If you use both 1 & 2, you'll have a happier experience.
Then, simply, don't check your Gemfile.lock into source control. All of the specific problems you listed are solved.
Of course, you are sacrificing the enormous advantage that Bundler gives you over any other dependencies management system.
Just a bit of background, I come from a strong C#/staticly typed background. Therefore I tend to think in terms of .dlls. So if I was working in a project, I'd reference my required dlls and that would be that.
Being new to Ruby and Rails I find I might be doing something wrong. For example, I create a Rails app at home using the gems I have locally. Using a different computer (say a work computer) I attempt to work on the project only to find I'm using different versions of the gems. After carrying out a bundle install I'm back to a working project.

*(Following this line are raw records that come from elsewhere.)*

(* For a graphical sequence $\pi$ of length $n$ define $h(\pi)=g(\overline{\pi})$. Then: (i) every realization $G$ of $\pi$ satisfies $\chi(G)\ge\omega(G)\ge h(\pi)$; (ii) $h$ is monotone increasing: if $\pi\le\pi'$ termwise (both graphical of length $n$) then $h(\pi)\le h(\pi')$; (iii) there is a graphical sequence $\pi'\ge\pi$ (termwise) of length $n$ having a realization that is a complete $h(\pi)$-partite graph, so that $\omega$ and $\chi$ of this realization both equal $h(\pi)$.
   Context: Graphs are finite and simple; a graphical sequence is a nondecreasing integer sequence that is the degree sequence of some graph (a realization). For $\pi=(d_1\le\cdots\le d_n)$, $\overline{\pi}=((n-1)-d_n\le\cdots\le(n-1)-d_1)$ is the complementary sequence. For a graphical sequence $(e_1\le\cdots\le e_n)$ define $f(1)=e_1$ with index $j_1=1$; if $f(i)=e_{j_i}$ is finite and $j_i+f(i)+1\le n$ set $j_{i+1}=j_i+f(i)+1$, $f(i+1)=e_{j_{i+1}}$, otherwise $f(i+1)=\infty$; once $\infty$, it stays $\infty$. Let $g$ of that sequence be $\max\{i\in\mathbb{Z}^+: f(i)<\infty\}$. It is known (Murphy) that every realization of a graphical sequence $\sigma$ has independence number at least $g(\sigma)$. $\omega$ is clique number and $\chi$ chromatic number. *)

From mathcomp Require Import all_boot.
Set Implicit Arguments. Unset Strict Implicit. Unset Printing Implicit Defensive.

Definition simple_graph (n : nat) (G : rel 'I_n) : Prop :=
  irreflexive G /\ symmetric G.

Definition deg (n : nat) (G : rel 'I_n) (x : 'I_n) : nat := #|[set y | G x y]|.

Definition degseq (n : nat) (G : rel 'I_n) : seq nat :=
  sort leq [seq deg G x | x <- enum 'I_n].

Definition realizes (n : nat) (G : rel 'I_n) (pi : seq nat) : Prop :=
  simple_graph G /\ degseq G = pi.

Definition graphical (pi : seq nat) : Prop :=
  exists G : rel 'I_(size pi), realizes G pi.

Definition compl_seq (pi : seq nat) : seq nat :=
  rev [seq (size pi).-1 - d | d <- pi].

(* Murphy's g, 0-based positions: p_1 = 0, f(i) = e_{p_i},
   p_{i+1} = p_i + f(i) + 1 as long as p_{i+1} < n. g counts the finite f(i).
   Fuel = size s suffices as positions strictly increase. *)
Fixpoint gcount (s : seq nat) (fuel p : nat) : nat :=
  match fuel with
  | 0 => 0
  | k.+1 => if p < size s then (gcount s k (p + nth 0 s p).+1).+1 else 0
  end.

Definition g (s : seq nat) : nat := gcount s (size s) 0.

Definition h (pi : seq nat) : nat := g (compl_seq pi).

Definition is_clique (n : nat) (G : rel 'I_n) (A : {set 'I_n}) : bool :=
  [forall x in A, forall y in A, (x != y) ==> G x y].

Definition omega (n : nat) (G : rel 'I_n) : nat :=
  \max_(A : {set 'I_n} | is_clique G A) #|A|.

(* chromatic number: least k admitting a proper k-colouring (k = n always works) *)
Definition colorable (n : nat) (G : rel 'I_n) (k : nat) : bool :=
  [exists f : {ffun 'I_n -> 'I_k}, [forall x, forall y, G x y ==> (f x != f y)]].

Definition chi (n : nat) (G : rel 'I_n) : nat :=
  \big[minn/n]_(k < n.+1 | colorable G k) k.

Definition complete_multipartite (n : nat) (G : rel 'I_n) (k : nat) : Prop :=
  exists p : 'I_n -> 'I_k,
    (forall c : 'I_k, exists x, p x = c) /\ (forall x y, G x y = (p x != p y)).

From HB Require Import structures.
From mathcomp Require Import all_boot zify.
Set Implicit Arguments. Unset Strict Implicit. Unset Printing Implicit Defensive.

(* Let e be the complementary sequence, which lists n-1-d over the degrees d in
   decreasing order, and let p_1 = 0, p_(i+1) = p_i + e_(p_i) + 1 be Murphy's
   walk, which takes h(pi) steps.
   (i) Greedy clique: before step i at most p_i vertices have been discarded, so
   some candidate has degree at least the (p_i+1)-st largest one; adding it and
   keeping only its neighbours discards at most e_(p_i) + 1 more vertices.
   (ii) Raising pi lowers e, so the walk takes shorter strides and more steps.
   (iii) Cut the positions into the h(pi) intervals [p_i, p_(i+1)) and join the
   vertices lying in different intervals.  A vertex at position j of the interval
   starting at q misses at most e_q + 1 <= e_j + 1 vertices, so its degree
   dominates its entry of pi; counting then shows that the sorted degree
   sequence dominates pi termwise. *)

Lemma card_set_count (T : finType) (P : pred T) :
  #|[set x | P x]| = count P (enum T).
Proof.
rewrite cardsE cardE /enum_mem size_filter count_filter.
by apply: eq_count => x; rewrite !inE andbT.
Qed.

Lemma card_leq_interval n (A : {set 'I_n}) (lo m : nat) :
  (forall x : 'I_n, x \in A -> lo <= x < lo + m) -> #|A| <= m.
Proof.
move=> Aint; rewrite cardE -(size_map val) -[m](size_iota lo).
apply: uniq_leq_size; first by rewrite map_inj_uniq ?enum_uniq //; exact: val_inj.
by move=> y /mapP [x]; rewrite mem_enum => xA ->; rewrite mem_iota; exact: Aint.
Qed.

Lemma all2_nthP (T : Type) (x0 : T) (r : rel T) (s t : seq T) :
  size s = size t ->
  reflect (forall i, i < size s -> r (nth x0 s i) (nth x0 t i)) (all2 r s t).
Proof.
move=> st; rewrite all2E st eqxx /=.
apply: (iffP (all_nthP (x0, x0))); rewrite size_zip st minnn => rst i it.
  by have := rst i it; rewrite nth_zip.
by rewrite nth_zip //; exact: rst.
Qed.

Lemma leq_nth_sorted (s : seq nat) i j : sorted leq s ->
  i <= j -> j < size s -> nth 0 s i <= nth 0 s j.
Proof.
move=> ss ij js; apply: (sorted_leq_nth leq_trans leqnn 0 ss) => //.
by rewrite inE; exact: leq_ltn_trans js.
Qed.

Section SortedCount.

Variable s : seq nat.
Hypothesis s_sorted : sorted leq s.

Lemma count_geq_nth q : q < size s -> size s - q <= count (leq (nth 0 s q)) s.
Proof.
move=> qs; set c := nth 0 s q.
rewrite -[s in _ - _ <= count _ s](cat_take_drop q s) count_cat.
have -> : count (leq c) (drop q s) = size (drop q s).
  apply/eqP; rewrite -all_count; apply/(all_nthP 0) => i; rewrite size_drop => iq.
  by rewrite nth_drop (leq_nth_sorted s_sorted); lia.
by rewrite size_drop; have := count_size (leq c) (take q s); lia.
Qed.

Lemma nth_geq_of_count k c :
  k < size s -> size s - k <= count (leq c) s -> c <= nth 0 s k.
Proof.
move=> ks cnt; rewrite leqNgt; apply/negP => ltk; move: cnt.
have none_below : count (leq c) (take k.+1 s) = 0.
  apply/eqP; rewrite -leqn0 leqNgt -has_count; apply/negP => /(has_nthP 0) [i].
  rewrite size_take => ik; have ik1 : i <= k by move: ik; case: ifP; lia.
  rewrite nth_take /= ?ltnS // => cle.
  by have := leq_nth_sorted s_sorted ik1 ks; lia.
rewrite -[s in count _ s](cat_take_drop k.+1 s) count_cat none_below add0n.
by have := count_size (leq c) (drop k.+1 s); rewrite size_drop; lia.
Qed.

End SortedCount.

Lemma all2_leq_sorted (s t : seq nat) :
  sorted leq s -> sorted leq t -> size s = size t ->
  (forall c, count (leq c) s <= count (leq c) t) -> all2 leq s t.
Proof.
move=> ss st sz cnt; apply/(all2_nthP 0 _ sz) => i ilt.
apply: nth_geq_of_count; rewrite -?sz //.
exact: leq_trans (count_geq_nth ss ilt) (cnt _).
Qed.

Section Degrees.

Variables (n : nat) (G : rel 'I_n).

Lemma deg_leq_pred : irreflexive G -> forall x, deg G x <= n.-1.
Proof.
move=> irrG x; rewrite /deg -[n in n.-1]card_ord -(cardsC1 x); apply: subset_leq_card.
by apply/subsetP => y; rewrite !inE; apply: contraTN => /eqP ->; rewrite irrG.
Qed.

Lemma size_degseq : size (degseq G) = n.
Proof. by rewrite /degseq size_sort size_map size_enum_ord. Qed.

Lemma sorted_degseq : sorted leq (degseq G).
Proof. exact: (sort_sorted leq_total). Qed.

Lemma count_degseq (P : pred nat) : count P (degseq G) = #|[set x | P (deg G x)]|.
Proof. by rewrite /degseq (permP (permEl (perm_sort leq _))) count_map card_set_count. Qed.

Lemma nth_degseq_leq : irreflexive G -> forall i, nth 0 (degseq G) i <= n.-1.
Proof.
move=> irrG i; case: (ltnP i (size (degseq G))) => [i_lt | i_ge]; last by rewrite nth_default.
by move: (mem_nth 0 i_lt); rewrite mem_sort => /mapP [x _ ->]; exact: deg_leq_pred.
Qed.

End Degrees.

Lemma size_compl_seq pi : size (compl_seq pi) = size pi.
Proof. by rewrite size_rev size_map. Qed.

Lemma nth_compl_seq pi j : j < size pi ->
  nth 0 (compl_seq pi) j = (size pi).-1 - nth 0 pi (size pi - j.+1).
Proof. by move=> js; rewrite nth_rev size_map // (nth_map 0) //; lia. Qed.

Lemma sorted_compl_seq pi : sorted leq pi -> sorted leq (compl_seq pi).
Proof.
move=> spi; rewrite rev_sorted sorted_map.
by apply: sub_sorted spi => a b ab /=; exact: leq_sub2l.
Qed.

Lemma all2_leq_compl_seq pi pi' : size pi' = size pi ->
  all2 leq pi pi' -> all2 leq (compl_seq pi') (compl_seq pi).
Proof.
move=> sz /(all2_nthP 0 _ (esym sz)) le_pi.
apply/(all2_nthP 0); rewrite !size_compl_seq // => j js.
by rewrite !nth_compl_seq -?sz // leq_sub2l // le_pi; lia.
Qed.

(* Lets [big_rem_AC] extract one term of the minimum defining [chi], whose
   initial value [n] is not a unit for [minn]. *)
HB.instance Definition _ := SemiGroup.isComLaw.Build nat minn minnA minnC.

Section CliquesColourings.

Variables (n : nat) (G : rel 'I_n).

Lemma is_clique_setU1 (A : {set 'I_n}) v : symmetric G -> is_clique G A ->
  (forall a, a \in A -> G v a) -> is_clique G (v |: A).
Proof.
move=> symG clA adj; apply/forallP => x; apply/implyP => xA.
apply/forallP => y; apply/implyP => yA; apply/implyP.
move: xA yA; rewrite !inE => /predU1P [-> | xA] /predU1P [-> | yA].
- by rewrite eqxx.
- by move=> _; exact: adj.
- by rewrite symG adj.
- by move/forallP/(_ x)/implyP/(_ xA)/forallP/(_ y)/implyP/(_ yA)/implyP: clA.
Qed.

Lemma leq_card_omega (A : {set 'I_n}) : is_clique G A -> #|A| <= omega G.
Proof. by move=> clA; exact: (leq_bigmax_cond (F := fun B : {set _} => #|B|) A clA). Qed.

Lemma card_clique_leq_colorable (A : {set 'I_n}) k :
  is_clique G A -> colorable G k -> #|A| <= k.
Proof.
move=> clA /existsP [f /forallP proper].
have f_inj : {in A &, injective f}.
  move=> x y xA yA fxy; apply/eqP; apply: contraT => xy.
  move/forallP/(_ x)/implyP/(_ xA)/forallP/(_ y)/implyP/(_ yA)/implyP/(_ xy): clA => Gxy.
  by move/forallP/(_ y)/implyP/(_ Gxy): (proper x); rewrite fxy eqxx.
by rewrite -(card_in_imset f_inj); apply: leq_trans (max_card _) _; rewrite card_ord.
Qed.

The issue I have with this is that my gem library becomes 'messy'. I end up with several versions of the same gem. Is this the way others work? When using a gem (from a require) will it default to the latest version? I feel as if I'm not managing the dependencies correctly, though as I've mentioned I'm new to the world of Ruby.
Should I just include my dependencies, then perform a bundle install each time I have different/missing dependencies? What happens if I wish to upgrade to a newer version of a gem? Would it be a case of updating the gemfile that bundle uses and getting on with it?

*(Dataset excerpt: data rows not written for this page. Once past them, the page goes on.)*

Lemma run_lo_spec k : Q k ->
  (forall y, run_lo Q k <= y <= k -> Q y) /\ (run_lo Q k = 0 \/ ~~ Q (run_lo Q k).-1).
Proof.
rewrite /run_lo; set P := fun i => ~~ Q (k - i.+1); set e := find P _ => Qk.
have le_ek : e <= k by rewrite -[leqRHS](size_iota 0 k) find_size.
split=> [y /andP[ey yk]|].
  have [->|lt_yk] : y = k \/ y < k by lia.
    exact: Qk.
  have := @before_find_iota P k (k - y).-1; rewrite -/e /P negbK.
  have -> : k - (k - y).-1.+1 = y by lia.
  by apply; lia.
have [lt_ek|->] : e < k \/ e = k by lia.
  right; have := find_iota_pred lt_ek; rewrite /P -/e.
  by have -> : (k - e).-1 = k - e.+1 by lia.
by left; rewrite subnn.
Qed.

Variable N : nat.
Hypothesis ltQ : forall k, Q k -> k < N.

Lemma run_hi_spec k : Q k ->
  (forall y, k <= y <= run_hi N Q k -> Q y) /\ ~~ Q (run_hi N Q k).+1.
Proof.
rewrite /run_hi; set P := fun i => ~~ Q (k + i.+1); set d := find P _ => Qk.
have lt_dN : d < N.
  rewrite -[ltnRHS](size_iota 0 N) -has_find; apply/hasP; exists N.-1.
    by rewrite mem_iota; have := ltQ Qk; lia.
  by apply/negP => /ltQ; lia.
split=> [y /andP[ky yd]|]; last by rewrite -addnS; exact: find_iota_pred lt_dN.
have [->|lt_ky] : y = k \/ k < y by lia.
  exact: Qk.
have := @before_find_iota P N (y - k).-1; rewrite -/d /P negbK.
have -> : k + (y - k).-1.+1 = y by lia.
by apply; lia.
Qed.

Lemma run_maximal k : Q k ->
  maximal_run (run_lo Q k) (run_hi N Q k) /\ run_lo Q k <= k <= run_hi N Q k.
Proof.
move=> Qk; have [Qlo lo_max] := run_lo_spec Qk; have [Qhi hi_max] := run_hi_spec Qk.
have bounds : run_lo Q k <= k <= run_hi N Q k by rewrite /run_lo /run_hi leq_subr leq_addr.
split=> //; split=> // y /andP[loy yhi].
by have [yk|ky] := leqP y k; [apply: Qlo | apply: Qhi]; lia.
Qed.

Lemma maximal_run_exists x : Q x -> exists a b, maximal_run a b /\ a <= x <= b.
Proof. by move=> /run_maximal; exists (run_lo Q x), (run_hi N Q x). Qed.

Yes, bundler is the way to go to work with dependancies with Ruby on Rails. Why ? First, because it's shipped with it (at least for version 3.0). Second, because it's simple as hell (unlike maven with Java).
A non exhaustive list of feature :
it lets you declare one or many gem repository to fetch gems from
to group your dependencies by environment (development, production...)
to specify version you'd like
and so on. For more on this, check this http://gembundler.com/rationale.html
Regarding your question : yes, bundler will take the latest version available is none is specified.
Also, I would add a disavantage : you cannot specify a gem version depending on the OS. For example, nokogiri has a linux version AND a win version.
The default behaviour when requiring a module in a gem is to assume you want the latest version of the gem if you have more than one installed. You can change this by specifying which version you want in a specific application like this:
gem "rails", "2.3.8"
Before you require anything from the gem. This ensures that this application will use the specified version of the gem, even if a newer one is installed.
You can of course clean out obsolete versions of your installed gems whenever you don't need them again, or if you use bundler consistently: just wipe everything and run bundler again to get just your required gems installed.
Another useful tool is the Ruby Version Manager (RVM), in addition to handling different versions of ruby it provides a feature called gemsets which allows you to isolate different applications or environments from eachother. That is App A can have its separate gemset with all its required gems, and App B have another gemset with only its required gems. This will reduce the clutter in your dependencies quite a bit.